Also, the functions test can be a good starting point to perhaps get you looking in the right direction but the results are not always accurate and it's best to use it as a starting point and nothing else really. Interpret the results for yourself and do more research.


----------



## Eset (Jun 7, 2016)

@darcstar3

It would seem you are very stressed as fuck as of now (very high Si).

Possibilities:
*INTP:* In loop, actively using Fe.
*ESTJ:* Nothing conflicting here.
*ISTP:* Resisting Ni, which may cause more use of Fe.
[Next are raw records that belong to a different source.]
(* Let $B_R=(V,E)$ be the Bratteli diagram with $|V_n|=n+1$ vertices at each level $n\ge0$, in which each vertex of $V_n$ is joined to each vertex of $V_{n+1}$ by exactly one edge. Then the full group $G$ of $B_R$ is isomorphic to the group $R$ of rational permutations of the unit interval $[0,1)$.
   Context: For a Bratteli diagram with levels $V_0=\{v_0\},V_1,\dots$ and edge sets $E_n$ from $V_{n-1}$ to $V_n$, the path space $X$ is the set of infinite paths from $v_0$; $G_n$ is the group of homeomorphisms of $X$ that replace the first $n$ edges of each path by another path from $v_0$ to the same vertex of $V_n$ (depending only on those edges) and leave the rest unchanged; the full group is $G=\bigcup_nG_n$. For $n\in\mathbb N$ and a permutation $s$ of $\{0,1,\dots,n-1\}$, let $g_s:[0,1)\to[0,1)$ be $g_s(x)=\bigl(s(\lfloor nx\rfloor)+\{nx\}\bigr)/n$, where $\{a\}$ is the fractional part of $a$. The group $R$ is the set of all bijections $g_s$, over all $n\in\mathbb N$ and all permutations $s$ of $\{0,\dots,n-1\}$, under composition. *)

From Stdlib Require Import Reals ZArith.
From mathcomp Require Import all_boot all_fingroup.

Set Implicit Arguments.
Unset Strict Implicit.
Unset Printing Implicit Defensive.

(* BV n = V_n ; BE n = the edge set E_{n+1} from V_n to V_{n+1}. *)
Record Bratteli := {
  BV : nat -> finType;
  BE : nat -> finType;
  bsrc : forall n, BE n -> BV n;
  brng : forall n, BE n -> BV n.+1;
  broot : BV 0;
  broot_unique : forall v : BV 0, v = broot
}.

Definition is_path (D : Bratteli) (x : forall n, BE D n) : Prop :=
  bsrc (x 0) = broot D /\ forall n, brng (x n) = bsrc (x n.+1).

Definition Path (D : Bratteli) := {x : forall n, BE D n | is_path x}.

(* G_n : bijections of the path space that replace the first n edges by
   another path (depending only on those first n edges) and leave all
   further edges unchanged.  (The endpoint in V_n is automatically kept,
   since edge n+1 is unchanged; such maps are automatically homeomorphisms
   of the path space.) *)
Definition inGn (D : Bratteli) (n : nat) (g : Path D -> Path D) : Prop :=
  bijective g /\
  (forall x y : Path D, (forall k, (k < n)%N -> proj1_sig x k = proj1_sig y k) ->
      forall k, (k < n)%N -> proj1_sig (g x) k = proj1_sig (g y) k) /\
  (forall (x : Path D) k, (n <= k)%N -> proj1_sig (g x) k = proj1_sig x k).

Definition inFullGroup (D : Bratteli) (g : Path D -> Path D) : Prop :=
  exists n, inGn n g.

(* |V_n| = n+1, exactly one edge between each v in V_n and w in V_{n+1}:
   edges from V_n to V_{n+1} are the pairs (v,w). *)
Definition BR_E (n : nat) : finType := ('I_n.+1 * 'I_n.+2)%type.

Lemma BR_root_unique : forall v : 'I_1, v = ord0.
Proof. by move=> v; apply/val_inj; case: v => [[|m] Hm]. Qed.

Definition B_R : Bratteli :=
  {| BV := fun n => 'I_n.+1;
     BE := BR_E;
     bsrc := fun n e => e.1;
     brng := fun n e => e.2;
     broot := ord0;
     broot_unique := BR_root_unique |}.

Definition I01 := {x : R | Rle 0 x /\ Rlt x 1}.
Open Scope R_scope.

(* g_s(x) = (s(floor(m x)) + frac(m x)) / m for a permutation s of
   {0,...,m-1}, here with m = n+1 >= 1. *)
Definition is_g_s (n : nat) (s : {perm 'I_n.+1}) (f : I01 -> I01) : Prop :=
  forall x : I01,
    proj1_sig (f x) =
    ((INR (nat_of_ord (s (inord (Z.to_nat (Int_part (INR n.+1 * proj1_sig x)))))) +
      frac_part (INR n.+1 * proj1_sig x)) / INR n.+1).

Definition inRgroup (f : I01 -> I01) : Prop :=
  exists n (s : {perm 'I_n.+1}), is_g_s s f.

Definition comp_groups_isomorphic (A B : Type)
  (GA : (A -> A) -> Prop) (GB : (B -> B) -> Prop) : Prop :=
  exists phi : (A -> A) -> (B -> B),
    (forall g, GA g -> GB (phi g)) /\
    (forall g h, GA g -> GA h -> phi g = phi h -> g = h) /\
    (forall f, GB f -> exists2 g, GA g & phi g = f) /\
    (forall g h, GA g -> GA h -> phi (g \o h) = phi g \o phi h).

From Stdlib Require Import Reals ZArith Lia Lra.
From Stdlib Require Import ProofIrrelevance FunctionalExtensionality ClassicalEpsilon.
From mathcomp Require Import all_boot all_fingroup zify.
Information about Ti-Si loop:

* *





*defensive loop:* stubborn and insistent upon doing things in the familiar way; suspicious, uncompromising, or resistant to new ideas/experiences; prone to being overly focused on physical health; feels detached, isolated, or misunderstood by others; prone to replaying or obsessing about past events/missteps because of drawing incorrect connections between past and future; pessimistic, cannot see positive potential; nitpicky and only seeks out confirming details; broods about insignificant details and immerses oneself in fantasy with the unconscious intent to repress feelings of uncertainty or inadequacy (and stick to the areas of life that one is most comfortable with)
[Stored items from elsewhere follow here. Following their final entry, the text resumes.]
(* Consider a polymatroid game with $n$ players, $m$ resources and demands $d_i$, and let $\delta=\max_{i}d_i$. Consider the following algorithm: initially set $\bar d_i=0$ and $\vec x_i=\vec 0$ for all players $i$. For $k=1,\dots,\sum_i d_i$: choose a player $i$ with $\bar d_i<d_i$, increase $\bar d_i$ by one, and replace $\vec x_i$ by a best response $\vec y_i\in\mathbb{B}_{f_i}(\bar d_i)$ to $\vec x_{-i}$ with $\|\vec y_i-\vec x_i\|=1$; then, while there is a player $j$ who can strictly decrease her private cost by unilaterally changing her strategy within $\mathbb{B}_{f_j}(\bar d_j)$, choose such a player and replace $\vec x_j$ by a best response $\vec y_j\in\mathbb{B}_{f_j}(\bar d_j)$ with $\|\vec y_j-\vec x_j\|=2$. Then the total number of iterations of this algorithm (iterations of the inner while-loop, summed over all rounds) is at most $n^2m\delta^3$.
   Context: $\mathbb{N}=\{0,1,2,\dots\}$; $\|\cdot\|$ is the $L_1$-norm. A polymatroid game: players $N=\{1,\dots,n\}$, resources $E=\{1,\dots,m\}$; each player $i$ has an integral polymatroid rank function $f_i:2^E\to\mathbb{N}$ (normalized, monotone, submodular) and demand $d_i\le f_i(E)$; the strategy set for demand $d$ is $\mathbb{B}_{f_i}(d)=\{\vec x_i\in\mathbb{N}^E: x_i(U)\le f_i(U)\ \forall U\subseteq E,\ x_i(E)=d\}$, where $x_i(U)=\sum_{e\in U}x_{i,e}$. The private cost is $\pi_i(\vec x)=\sum_{e\in E}C_{i,e}(x_{i,e};x_{-i,e})$, $x_{-i,e}=\sum_{j\neq i}x_{j,e}$, with each $C_{i,e}:\mathbb{N}\times\mathbb{N}\to\mathbb{R}_+$ regular: writing $C^-(x;t)=C(x;t)-C(x-1;t)$ for $x\ge1$, $C^-(x;t)\le C^-(x;t+1)$ and $C^-(x;t+1)\le C^-(x+1;t)$ for all $x\ge1,t\in\mathbb{N}$. A best response of player $i$ to $\vec x_{-i}$ within a strategy set is a strategy minimizing $\pi_i(\cdot,\vec x_{-i})$ over that set. *)

From mathcomp Require Import all_boot all_order all_algebra.
From mathcomp Require Import reals.
Set Implicit Arguments. Unset Strict Implicit. Unset Printing Implicit Defensive.
Import Order.TTheory GRing.Theory Num.Theory.
Local Open Scope ring_scope.

Section PolymatroidGame.
Variables (R : realType) (n m : nat).

Definition polymatroid (f : {set 'I_m} -> nat) : Prop :=
  [/\ f set0 = 0%N,
      (forall A B : {set 'I_m}, A \subset B -> (f A <= f B)%N) &
      (forall A B : {set 'I_m}, (f (A :|: B) + f (A :&: B) <= f A + f B)%N)].

Definition marg (C : nat -> nat -> R) (x t : nat) : R := C x t - C x.-1 t.

Definition regular (C : nat -> nat -> R) : Prop :=
  (forall x t, 0 <= C x t) /\
  (forall x t : nat, (1 <= x)%N ->
     marg C x t <= marg C x t.+1 /\ marg C x t.+1 <= marg C x.+1 t).

Definition inB (f : {set 'I_m} -> nat) (d : nat) (y : 'I_m -> nat) : Prop :=
  (forall U : {set 'I_m}, (\sum_(e in U) y e <= f U)%N) /\
  (\sum_(e : 'I_m) y e)%N = d.

Definition profile := 'I_n -> 'I_m -> nat.

Definition upd (T : Type) (x : 'I_n -> T) (i : 'I_n) (y : T) : 'I_n -> T :=
  fun j => if j == i then y else x j.

Definition pcost (C : 'I_n -> 'I_m -> nat -> nat -> R) (x : profile) (i : 'I_n) : R :=
  \sum_(e : 'I_m) C i e (x i e) (\sum_(j < n | j != i) x j e)%N.

Definition l1 (y z : 'I_m -> nat) : nat :=
  (\sum_(e : 'I_m) ((y e - z e) + (z e - y e)))%N.

Definition best_response (f : 'I_n -> {set 'I_m} -> nat)
    (C : 'I_n -> 'I_m -> nat -> nat -> R) (x : profile) (i : 'I_n) (d : nat)
    (y : 'I_m -> nat) : Prop :=
  inB (f i) d y /\
  forall z, inB (f i) d z -> pcost C (upd x i y) i <= pcost C (upd x i z) i.

Definition can_improve (f : 'I_n -> {set 'I_m} -> nat)
    (C : 'I_n -> 'I_m -> nat -> nat -> R) (x : profile) (i : 'I_n) (d : nat) : Prop :=
  exists z, inB (f i) d z /\ pcost C (upd x i z) i < pcost C x i.

(* algorithm state: (current demands dbar, current profile x) *)
Definition state := ((('I_n -> nat) * profile)%type).

Definition init_state : state := (fun _ => 0%N, fun _ _ => 0%N).

(* outer step (round k): all players are stable, pick i with dbar_i < d_i,
   increase dbar_i and move to a best response at distance 1 *)
Definition inc_step (f : 'I_n -> {set 'I_m} -> nat)
    (C : 'I_n -> 'I_m -> nat -> nat -> R) (d : 'I_n -> nat) (s s' : state) : Prop :=
  exists i y,
    [/\ (forall j, ~ can_improve f C s.2 j (s.1 j)),
        (s.1 i < d i)%N /\ s'.1 = upd s.1 i (s.1 i).+1,
        best_response f C s.2 i (s.1 i).+1 y,
        l1 y (s.2 i) = 1%N &
        s'.2 = upd s.2 i y].

Definition imp_step (f : 'I_n -> {set 'I_m} -> nat)
    (C : 'I_n -> 'I_m -> nat -> nat -> R) (s s' : state) : Prop :=
  exists j y,
    [/\ can_improve f C s.2 j (s.1 j),
        s'.1 = s.1,
        best_response f C s.2 j (s.1 j) y,
        l1 y (s.2 j) = 2%N &
        s'.2 = upd s.2 j y].

(* a (prefix of an) execution of the algorithm of length N: states s 0..N,
   kind k = true iff step k is an inner while-loop iteration *)
Definition valid_run (f : 'I_n -> {set 'I_m} -> nat)
    (C : 'I_n -> 'I_m -> nat -> nat -> R) (d : 'I_n -> nat)
    (N : nat) (s : nat -> state) (kind : nat -> bool) : Prop :=
  s 0%N = init_state /\
  forall k, (k < N)%N ->
    if kind k then imp_step f C (s k) (s k.+1) else inc_step f C d (s k) (s k.+1).

End PolymatroidGame.

From mathcomp Require Import all_boot all_order all_algebra.
From mathcomp Require Import reals.
From mathcomp Require Import ring lra zify.
From Stdlib Require Import FunctionalExtensionality.
Set Implicit Arguments. Unset Strict Implicit. Unset Printing Implicit Defensive.
Import Order.TTheory GRing.Theory Num.Theory.

(* Fix a round and let L be the load just before its increment.  Throughout the inner
   loop of the round the load is L plus one extra unit on some resource h; the player p who
   moved last plays a best response whose top unit on h costs at least as much as any unit
   it could move onto h, and every other player is exchange-stable against L.  Hence an
   improving player must move a unit away from h, and becomes the new holder of the extra
   unit.  Value each unit of a player by the number of that player's unit slots whose
   marginal cost at load L + 1 is strictly smaller: an improving move trades a unit for a
   strictly cheaper one, so this potential, which is at most n m delta^2, strictly
   decreases.  A round thus has at most n m delta^2 inner iterations, and there are at most
   n delta rounds. *)

Section Marginals.
Variables (R : realType) (C : nat -> nat -> R).
Hypothesis Creg : regular C.
Local Open Scope ring_scope.

Lemma marg_le_others u t t' : (0 < u)%N -> (t <= t')%N -> marg C u t <= marg C u t'.
Proof.
move=> u_gt0 /subnKC <-; elim: (t' - t)%N => [|k IH]; first by rewrite addn0.
by rewrite addnS (le_trans IH) // (Creg.2 _ _ u_gt0).1.
Qed.

Lemma marg_le_succ u T : (0 < u)%N -> marg C u (T - u) <= marg C u.+1 (T - u.+1).
Proof.
move=> u_gt0; have [lt_uT | le_Tu] := ltnP u T.
  have -> : (T - u = (T - u.+1).+1)%N by lia.
  exact: (Creg.2 _ _ u_gt0).2.
have -> : (T - u = 0)%N by lia.
have -> : (T - u.+1 = 0)%N by lia.
by have [le_u01 le_u10] := Creg.2 u 0%N u_gt0; exact: le_trans le_u01 le_u10.
Qed.

End Marginals.

Lemma sum_nat_eq1_indicator (I : finType) (F : I -> nat) :
  (\sum_i F i = 1)%N -> exists b, forall i, F i = (i == b) :> nat.
Proof.
move=> /eqP /sum_nat_eq1 [b [_ Fb F0]]; exists b => i.
by case: eqVneq => [->|/F0 ->].
Qed.

Lemma sum_indicator (I : finType) (P : pred I) c : (\sum_(i | P i) (i == c) = P c)%N.
Proof.
case Pc: (P c).
  by rewrite (bigD1 c) //= eqxx big1 // => i /andP [_ /negbTE ->].
by rewrite big1 // => i Pi; case: eqVneq Pi => // ->; rewrite Pc.
Qed.

Section Exchange.
Variable m : nat.
Implicit Types (v y z : 'I_m -> nat) (a b c h : 'I_m).

Definition exchange v a b z : Prop := forall e, (z e + (e == a) = v e + (e == b))%N.

Lemma exchangeE v a b z : a != b -> exchange v a b z ->
  [/\ v a = (z a).+1, z b = (v b).+1 & forall e, e != a -> e != b -> z e = v e].
Proof.
move=> neq_ab vz; split.
- by move: (vz a); rewrite eqxx (negbTE neq_ab) /=; lia.
- by move: (vz b); rewrite eqxx eq_sym (negbTE neq_ab) /=; lia.
- by move=> e /negbTE ea /negbTE eb; move: (vz e); rewrite ea eb /=; lia.
Qed.

Lemma exchange_sum (U : {set 'I_m}) v a b z : exchange v a b z ->
  (\sum_(e in U) z e + (a \in U) = \sum_(e in U) v e + (b \in U))%N.
Proof.
move=> vz; have : (\sum_(e in U) (z e + (e == a)) = \sum_(e in U) (v e + (e == b)))%N.
  exact: eq_bigr.
by rewrite !big_split !sum_indicator.
Qed.

Lemma exchange_sumT v a b z : exchange v a b z -> (\sum_e z e = \sum_e v e)%N.
Proof.
move=> vz; have : (\sum_e (z e + (e == a)) = \sum_e (v e + (e == b)))%N.
  exact: eq_bigr.
by rewrite !big_split !sum_indicator /= !addn1 => -[].
Qed.

Definition move_unit v a b : 'I_m -> nat := fun e => (v e + (e == b) - (e == a))%N.

Lemma exchange_move_unit v a b : a != b -> (0 < v a)%N -> exchange v a b (move_unit v a b).
Proof.
move=> neq_ab va_gt0 e; rewrite /move_unit.
by case: (eqVneq e a) => [->|_]; rewrite ?(negbTE neq_ab) /=; lia.
Qed.

Lemma l1_parts v y :
  l1 y v = (\sum_e (y e - v e) + \sum_e (v e - y e))%N /\
  (\sum_e y e + \sum_e (v e - y e) = \sum_e v e + \sum_e (y e - v e))%N.
Proof.
split; first by rewrite /l1 big_split.
by rewrite -!big_split /=; apply: eq_bigr => e _; lia.
Qed.

Lemma l1_eq1_add v y : l1 y v = 1%N -> (\sum_e y e = (\sum_e v e).+1)%N ->
  exists b, forall e, (y e = v e + (e == b))%N.
Proof.
move=> l1_yv sum_yv; have [l1E balance] := l1_parts v y.
have [b yvE] : exists b, forall e, (y e - v e = (e == b))%N.
  by apply: sum_nat_eq1_indicator; lia.
have /eqP : (\sum_e (v e - y e) = 0)%N by lia.
rewrite sum_nat_eq0 => /forallP vy0; exists b => e.
by move: (yvE e) (vy0 e) => /= <- /eqP; lia.
Qed.

Lemma l1_eq2_exchange v y : l1 y v = 2%N -> (\sum_e y e = \sum_e v e)%N ->
  exists a b, a != b /\ exchange v a b y.
Proof.
move=> l1_yv sum_yv; have [l1E balance] := l1_parts v y.
have [b yvE] : exists b, forall e, (y e - v e = (e == b))%N.
  by apply: sum_nat_eq1_indicator; lia.
have [a vyE] : exists a, forall e, (v e - y e = (e == a))%N.
  by apply: sum_nat_eq1_indicator; lia.
exists a, b; split; last by move=> e; rewrite -yvE -vyE; lia.
by apply/eqP => eq_ab; move: (yvE a) (vyE a); rewrite eq_ab eqxx /=; lia.
Qed.

Lemma inB_move_unit_of_add (g : {set 'I_m} -> nat) dd v y a h :
  a != h -> (0 < v a)%N -> (forall e, y e = v e + (e == h))%N ->
  inB g dd v -> inB g dd.+1 y -> inB g dd (move_unit v a h).
Proof.
move=> neq_ah va_gt0 yE [v_le v_sum] [y_le _].
have vw := exchange_move_unit neq_ah va_gt0.
split; last by rewrite (exchange_sumT vw).
move=> U; have := exchange_sum U vw; have := v_le U; have := y_le U.
rewrite (eq_bigr _ (fun e _ => yE e)) big_split sum_indicator /=.
by case: (a \in U); case: (h \in U) => /=; lia.
Qed.

Lemma inB_move_unit_of_exchanges (g : {set 'I_m} -> nat) dd v y z a c h :
  a != c -> a != h -> c != h -> exchange v c h y -> exchange y a h z ->
  inB g dd v -> inB g dd y -> inB g dd z -> inB g dd (move_unit v a h).
Proof.
move=> neq_ac neq_ah neq_ch vy yz [v_le v_sum] [y_le _] [z_le _].
have [_ _ /(_ a neq_ac neq_ah) yaE] := exchangeE neq_ch vy.
have [yaS _ _] := exchangeE neq_ah yz.
have vw := exchange_move_unit neq_ah (_ : 0 < v a)%N.
split => [U|]; last by rewrite (exchange_sumT (vw _)) //; lia.
have := exchange_sum U (vw _); have := exchange_sum U vy.
have := exchange_sum U yz; have := v_le U; have := y_le U; have := z_le U.
rewrite /= -yaE yaS; case: (a \in U); case: (c \in U); case: (h \in U) => /=; lia.
Qed.

End Exchange.

Section Game.
Variables (R : realType) (n m : nat).
Variables (f : 'I_n -> {set 'I_m} -> nat) (d : 'I_n -> nat).
Variable C : 'I_n -> 'I_m -> nat -> nat -> R.
Hypothesis Creg : forall i e, regular (C i e).
Local Open Scope ring_scope.
Implicit Types (x : profile n m) (s : state n m) (L v y z : 'I_m -> nat).

Definition load x e : nat := (\sum_(i < n) x i e)%N.
Definition others_load x j e : nat := (\sum_(i < n | i != j) x i e)%N.

Lemma loadE x j e : load x e = (x j e + others_load x j e)%N.
Proof. by rewrite /load (bigD1 j). Qed.

Lemma others_loadE x j e : others_load x j e = (load x e - x j e)%N.
Proof. by rewrite (loadE x j) addKn. Qed.

Lemma upd_same (T : Type) (x : 'I_n -> T) j t : upd x j t j = t.
Proof. by rewrite /upd eqxx. Qed.

Lemma upd_other (T : Type) (x : 'I_n -> T) j t k : k != j -> upd x j t k = x k.
Proof. by rewrite /upd => /negbTE ->. Qed.

Lemma upd_upd (T : Type) (x : 'I_n -> T) j t t' : upd (upd x j t) j t' = upd x j t'.
Proof. by apply: functional_extensionality => k; rewrite /upd; case: (k == j). Qed.

Lemma others_load_upd x j z e : others_load (upd x j z) j e = others_load x j e.
Proof. by apply: eq_bigr => i ij; rewrite upd_other. Qed.

Lemma pcostE x j : pcost C x j = \sum_e C j e (x j e) (others_load x j e).
Proof. by []. Qed.

Lemma pcost_upd x j z : pcost C (upd x j z) j = \sum_e C j e (z e) (others_load x j e).
Proof. by rewrite pcostE; apply: eq_bigr => e _; rewrite upd_same others_load_upd. Qed.

Lemma pcost_exchange x j a b z : a != b -> exchange (x j) a b z ->
  pcost C (upd x j z) j = pcost C x j + marg (C j b) (x j b).+1 (others_load x j b)
                                      - marg (C j a) (x j a) (others_load x j a).
Proof.
move=> neq_ab xz; have [xaS zbS zE] := exchangeE neq_ab xz.
have neq_ba : b != a by rewrite eq_sym.
rewrite pcost_upd pcostE (bigD1 b) //= (bigD1 a) //= [in RHS](bigD1 b) //=.
rewrite [in RHS](bigD1 a) //= zbS xaS /marg /=.
rewrite (eq_bigr (fun e => C j e (x j e) (others_load x j e))); first lra.
by move=> e /andP [eb ea]; rewrite zE.
Qed.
*Ti-Si loop:* compelled to use past knowledge/experience to create detailed explanations/justifications for problematic beliefs, preferences, or mistakes -> but ends up feeling stuck in a rut because of not acknowledging the need for change and avoiding/refusing possibilities for improvement




Information about Resisting Ni:

* *





*resisting Ni:* paranoid or suspicious about being restricted or controlled; obstinate or needlessly rebellious against external standards; lacks nuance in judgment, no patience for understanding problems in depth; dismisses the need for careful long term analysis/planning; tendency to be dismissive of abstract meaning or theoretical knowledge; reckless and short-sighted in decision making




Conclusion:
If is not in Ti-Si loop or Resisting Ni, then ESTJ.


----------



## darcstar3 (Jun 22, 2016)

pippylongstocking said:


> I can see why that might make you think you don't have Se more although Se especially Auxiliary Se isn't all about running around and being active - especially for Auxiliary Se it's more how they see the world and take in external things but I do kinda know what you mean by some of that (but yeah I don't think you have Se in your top four functions). but why would that make you doubt being an Si Dom? As I say I got a strong impression of Si from your questionnaire so would be something to consider/look at the functions stack. Not saying you necessarily are just that it's something to consider at this point.
> 
> Also, the functions test can be a good starting point to perhaps get you looking in the right direction but the results are not always accurate and it's best to use it as a starting point and nothing else really. Interpret the results for yourself and do more research.


i dont take test results too seriously >.< but i still find them interesting, lol

and maybe i got the wrong idea about istp, from what i remember reading, it still mentioned a lot about physical stuff, but i skipped a lot after reading that
i'll read up on si a bit more then, thanks =3

i only got around to reading one of the articles you posted above so far, the one regarding intp (and istp)
as its only the 1st, i cant compare, but some parts stood out as me, especially about reacting badly to emotional displays and not being given enough time to relax/be introverted
but, as with everything else ive read up until now, there are also many parts that dont quite fit, which is where i get lost >.<



narcissistic said:


> @darcstar3
> 
> It would seem you are very stressed as fuck as of now (very high Si).
> 
> ...


haha, i guess i am stressed, but its just the normal work stuff (shoulda tested me last month when i had pretty much no break every day, and a load of kids who dont even speak my language constantly around)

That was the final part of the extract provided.